14k gold burnish white diamond Love ID bracelet; $2,800

Fisher makes no secret of the importance of editorial coverage, celebrity placement (through stylists such as Estee Stanley and Rachel Zoe), and social media. “I was a business marketing major. I am going to make damn sure we’re being seen and noticed,” she says. “I time those Instagrams! At the end of the day, no one is going to promote this business better than I can.” Her company’s slow and steady growth helped prepare her for the onslaught of attention that came with the CFDA recognition. “Some designers get famous but don’t know how to run a business,” she adds. “We built our infrastructure, and now we’re starting to see the benefits.”

14k gold sharred earrings with pavé white diamonds; $2,900

After almost a decade in business, this summer Fisher is finally opening a flagship store on Fifth Avenue and 18th Street in New York City. The focus, as always, is on custom orders, “but we’re carrying many more single initial charms and burnished bracelets with different words—more options for people to walk out with something.” She’ll also debut a 12-piece Jennifer Fisher for J. Crew collection, featuring her famous dog tags and other charms in 10k gold.

All of Fisher’s jewelry is made in America “and will continue to be that way,” she says proudly. “I see a lot of designers who compromise quality by going overseas to hit a price point, and I refuse to do that. Everything is made in New York City and plated in Rhode Island.”

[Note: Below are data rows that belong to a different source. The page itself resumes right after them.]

(* In a minimum Walrasian equilibrium of a market with unit-demand buyers, every item $j$ with strictly positive price $p_j>0$ has a buyer that supports it.
   Context: Buyer $i$ is unit demand if there are $v_{i,j}\ge0$ with $v_i(S)=\max_{j\in S}v_{i,j}$, $v_i(\emptyset)=0$; utility is quasi-linear. A Walrasian equilibrium is a price vector $p\ge0$ and an allocation $\mathrm{win}$ assigning every item $j$ to a buyer $\mathrm{win}(j)$ such that each buyer's bundle maximizes $v_i(T)-\sum_{j\in T}p_j$ over all bundles $T$. A minimum Walrasian equilibrium is one whose price vector is coordinatewise at most that of every Walrasian equilibrium. Buyer $i$ supports the price of item $j$ if $\mathrm{win}(j)\neq i$ and either (1) there is an item $k$ with $\mathrm{win}(k)=i$ and $v_{i,k}-p_k=v_{i,j}-p_j$, or (2) buyer $i$ receives no item and $v_{i,j}=p_j$. *)

From mathcomp Require Import all_boot all_order all_algebra.
Set Implicit Arguments. Unset Strict Implicit. Unset Printing Implicit Defensive.
Import Order.TTheory GRing.Theory Num.Theory.
Local Open Scope ring_scope.

(* Market: finite set of buyers B, finite set of items I, values in a real field R.
   v i j = v_{i,j} >= 0. Unit-demand valuation: v_i(S) = max_{j in S} v_{i,j},
   v_i(emptyset) = 0 (since v >= 0 this is the max folded from 0). *)
Section Market.
Variables (R : realFieldType) (B I : finType) (v : B -> I -> R).

Definition unit_val (i : B) (S : {set I}) : R := \big[Num.max/0]_(j in S) v i j.

Definition utility (p : I -> R) (i : B) (T : {set I}) : R :=
  unit_val i T - \sum_(j in T) p j.

Definition bundle (win : I -> B) (i : B) : {set I} := [set j | win j == i].

Definition walrasian (p : I -> R) (win : I -> B) : Prop :=
  (forall j, 0 <= p j) /\
  (forall i (T : {set I}), utility p i T <= utility p i (bundle win i)).

Definition min_walrasian (p : I -> R) (win : I -> B) : Prop :=
  walrasian p win /\
  (forall (p' : I -> R) (win' : I -> B), walrasian p' win' -> forall j, p j <= p' j).

Definition supports (p : I -> R) (win : I -> B) (i : B) (j : I) : Prop :=
  win j != i /\
  ((exists k, win k = i /\ v i k - p k = v i j - p j) \/
   ((forall k, win k != i) /\ v i j = p j)).
End Market.

From mathcomp Require Import all_boot all_order all_algebra.
From mathcomp Require Import lra.
From Stdlib Require Import Classical.
Set Implicit Arguments. Unset Strict Implicit. Unset Printing Implicit Defensive.
Import Order.TTheory GRing.Theory Num.Theory.
Local Open Scope ring_scope.

(* Suppose no buyer supports an item [j] with [p j > 0]. Every buyer other
   than the winner of [j] then strictly prefers its own bundle to every bundle
   containing [j]: the best item [k] of such a bundle is either [j], which that
   buyer does not weakly demand, or another item, and then the bundle costs
   [p j > 0] more than [{k}]. By finiteness these strict preferences hold with
   a uniform margin [0 < e <= p j], so lowering [p j] by [e] keeps the
   allocation an equilibrium, contradicting minimality of [p]. *)

Section PositiveSums.
Variables (R : numDomainType) (I : finType) (p : I -> R).
Hypothesis p_ge0 : forall k, 0 <= p k.

Lemma ler_sum_mem (T : {set I}) j : j \in T -> p j <= \sum_(k in T) p k.
Proof. by move=> jT; rewrite (bigD1 j) //= lerDl sumr_ge0. Qed.

Lemma ler_sum_mem2 (T : {set I}) j k : j \in T -> k \in T -> k != j ->
  p k + p j <= \sum_(l in T) p l.
Proof.
move=> jT kT kj; rewrite (bigD1 j) //= (bigD1 k) /=; last by rewrite kT.
by rewrite addrA [p j + _]addrC lerDl sumr_ge0.
Qed.

End PositiveSums.

Section UniformMargin.
Variables (R : realDomainType) (T : finType).

Lemma exists_uniform_margin (P : pred T) (f : T -> R) (c : R) :
  0 < c -> (forall x, P x -> 0 < f x) ->
  exists2 e, 0 < e & e <= c /\ forall x, P x -> e <= f x.
Proof.
move=> c_gt0 f_gt0; exists (\big[Order.min/c]_(x | P x) f x).
  exact: lt_bigmin.
split; first exact: bigmin_le_id.
by move=> x Px; apply: (bigmin_le_cond _ (P := P)).
Qed.

End UniformMargin.

Section UnitDemand.
Variables (R : realFieldType) (B I : finType) (v : B -> I -> R).
Hypothesis v_ge0 : forall i j, 0 <= v i j.

Lemma unit_val_attained i (S : {set I}) j : j \in S ->
  exists2 k, k \in S & unit_val v i S = v i k.
Proof.
move=> jS; rewrite /unit_val (bigmax_eq_arg _ _ _ _ jS); last first.
  by move=> k _; exact: v_ge0.
by case: (arg_maxP (v i) jS) => k kS _; exists k.
Qed.

Lemma utility_set1 (p : I -> R) i k : utility v p i [set k] = v i k - p k.
Proof. by rewrite /utility /unit_val bigmax_set1 max_l // big_set1. Qed.

Lemma utility_set0 (p : I -> R) i : utility v p i set0 = 0.
Proof. by rewrite /utility /unit_val !big_set0 subr0. Qed.

Variables (p : I -> R).
Hypothesis p_ge0 : forall k, 0 <= p k.

Lemma utility_le_best_item i (T : {set I}) j : j \in T ->
  exists2 k, k \in T &
    utility v p i T + (if k == j then 0 else p j) <= v i k - p k.
Proof.
move=> jT; have [k kT Tk] := unit_val_attained i jT.
exists k => //; rewrite /utility Tk.
case: eqVneq => [->|kj].
  by have := ler_sum_mem p_ge0 jT; lra.
by have := ler_sum_mem2 p_ge0 jT kT kj; lra.
Qed.

End UnitDemand.

Section Equilibrium.
Variables (R : realFieldType) (B I : finType) (v : B -> I -> R).
Hypothesis v_ge0 : forall i j, 0 <= v i j.
Variables (p : I -> R) (win : I -> B).
Hypothesis p_eq : walrasian v p win.

Let p_ge0 : forall k, 0 <= p k. Proof. by case: p_eq. Qed.

Lemma item_utility_le_bundle i k :
  v i k - p k <= utility v p i (bundle win i).
Proof. by rewrite -(utility_set1 v_ge0); case: p_eq => _; apply. Qed.

Lemma unsupported_item_utility_lt_bundle i j :
  win j != i -> ~ supports v p win i j ->
  v i j - p j < utility v p i (bundle win i).
Proof.
move=> wj unsupp; rewrite lt_def item_utility_le_bundle andbT.
apply: contra_notN unsupp => /eqP tie; split=> //.
case: (pickP (fun k => win k == i)) => [k0 /eqP wk0 | none].
- left; have k0b : k0 \in bundle win i by rewrite inE wk0.
  have [k kb kbest] := utility_le_best_item v_ge0 p_ge0 i k0b.
  exists k; split; first by move: kb; rewrite inE => /eqP.
  apply/eqP; rewrite eq_le -tie item_utility_le_bundle /=.
  by apply: le_trans kbest; rewrite lerDl; case: eqP.
- right; split=> [k|]; first by rewrite none.
  have bundle0 : bundle win i = set0.
    by apply/setP => k; rewrite inE in_set0 none.
  by apply/eqP; rewrite -subr_eq0 -tie bundle0 utility_set0.
Qed.

Lemma unsupported_utility_lt_bundle i j (T : {set I}) :
  0 < p j -> win j != i -> ~ supports v p win i j -> j \in T ->
  utility v p i T < utility v p i (bundle win i).
Proof.
move=> pj_gt0 wj unsupp jT.
have [k kT kbest] := utility_le_best_item v_ge0 p_ge0 i jT.
case: eqVneq kbest => [-> | kj] kbest.
  by rewrite addr0 in kbest; apply: le_lt_trans kbest _;
    exact: unsupported_item_utility_lt_bundle.
apply: lt_le_trans (item_utility_le_bundle i k).
by apply: lt_le_trans kbest; rewrite ltrDl.
Qed.

End Equilibrium.

Section LowerPrice.
Variables (R : realFieldType) (B I : finType) (v : B -> I -> R).
Variables (p : I -> R) (j : I) (e : R).

Definition lower_price (k : I) : R := if k == j then p j - e else p k.

Lemma utility_lower_price i (T : {set I}) :
  utility v lower_price i T = utility v p i T + (if j \in T then e else 0).
Proof.
rewrite /utility; case: ifP => jT; last first.
  rewrite addr0; congr (_ - _); apply: eq_bigr => k kT.
  by rewrite /lower_price; case: eqP => // kj; rewrite kj jT in kT.
rewrite (bigD1 j) //= [X in _ = _ - X + _](bigD1 j) //= /lower_price eqxx.
rewrite (eq_bigr p); last by move=> k /andP[_ /negbTE ->].
lra.
Qed.

(* Only buyers other than the winner of [j] can be tempted by the discount,
   and only towards bundles containing [j]. *)
Lemma walrasian_lower_price win : walrasian v p win -> 0 <= e <= p j ->
  (forall i (T : {set I}), win j != i -> j \in T ->
     utility v p i T + e <= utility v p i (bundle win i)) ->
  walrasian v lower_price win.
Proof.
move=> [p_ge0 p_opt] /andP[e_ge0 e_le] margin; split.
  by move=> k; rewrite /lower_price; case: eqP; rewrite ?subr_ge0.
move=> i T; rewrite !utility_lower_price [j \in bundle _ _]inE.
have [<- | wj] := eqVneq (win j) i.
  by rewrite lerD ?p_opt //; case: ifP.
rewrite addr0; case: ifP => jT; last by rewrite addr0 p_opt.
exact: margin.
Qed.

End LowerPrice.

Theorem mainTheorem8 (R : realFieldType) (B I : finType) (v : B -> I -> R)
  (v_ge0 : forall i j, 0 <= v i j) (p : I -> R) (win : I -> B) :
  min_walrasian v p win ->
  forall j, 0 < p j -> exists i, supports v p win i j.
Proof.
move=> [p_eq p_min] j pj_gt0; apply: NNPP => no_support.
have strict (x : B * {set I}) : (win j != x.1) && (j \in x.2) ->
    0 < utility v p x.1 (bundle win x.1) - utility v p x.1 x.2.
  case: x => i T /andP[/= wj jT]; rewrite subr_gt0.
  apply: (unsupported_utility_lt_bundle v_ge0 p_eq pj_gt0 wj _ jT) => supp.
  by apply: no_support; exists i.
have [e e_gt0 [e_le margin]] := exists_uniform_margin pj_gt0 strict.
have p'_eq : walrasian v (lower_price p j e) win.
  apply: walrasian_lower_price => //; first by rewrite e_le ltW.
  move=> i T wj jT; rewrite -lerBrDl.
  by apply: (margin (i, T)); rewrite /= wj jT.
have := p_min _ _ p'_eq j; rewrite /lower_price eqxx; lra.
Qed.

Brass XL flat chain link cuff; $1,085

Going forward, Fisher sees her designs becoming “more minimalistic, feminine, and yet modern. My style has changed, my clothing has changed, and I want to give my jewelry a subtle softness.” But her primary goal is to see her work on the street every day, whether it’s her 7-year-old daughter wearing a tiny charm necklace or a 70-year-old in a simple choker. “I want to make pieces that girls keep in that dish by their bed and never put away. Not the ones they wear once and go, ‘This is too trendy. I have to wait six months to wear it again.’ I want to be on daily rotation.”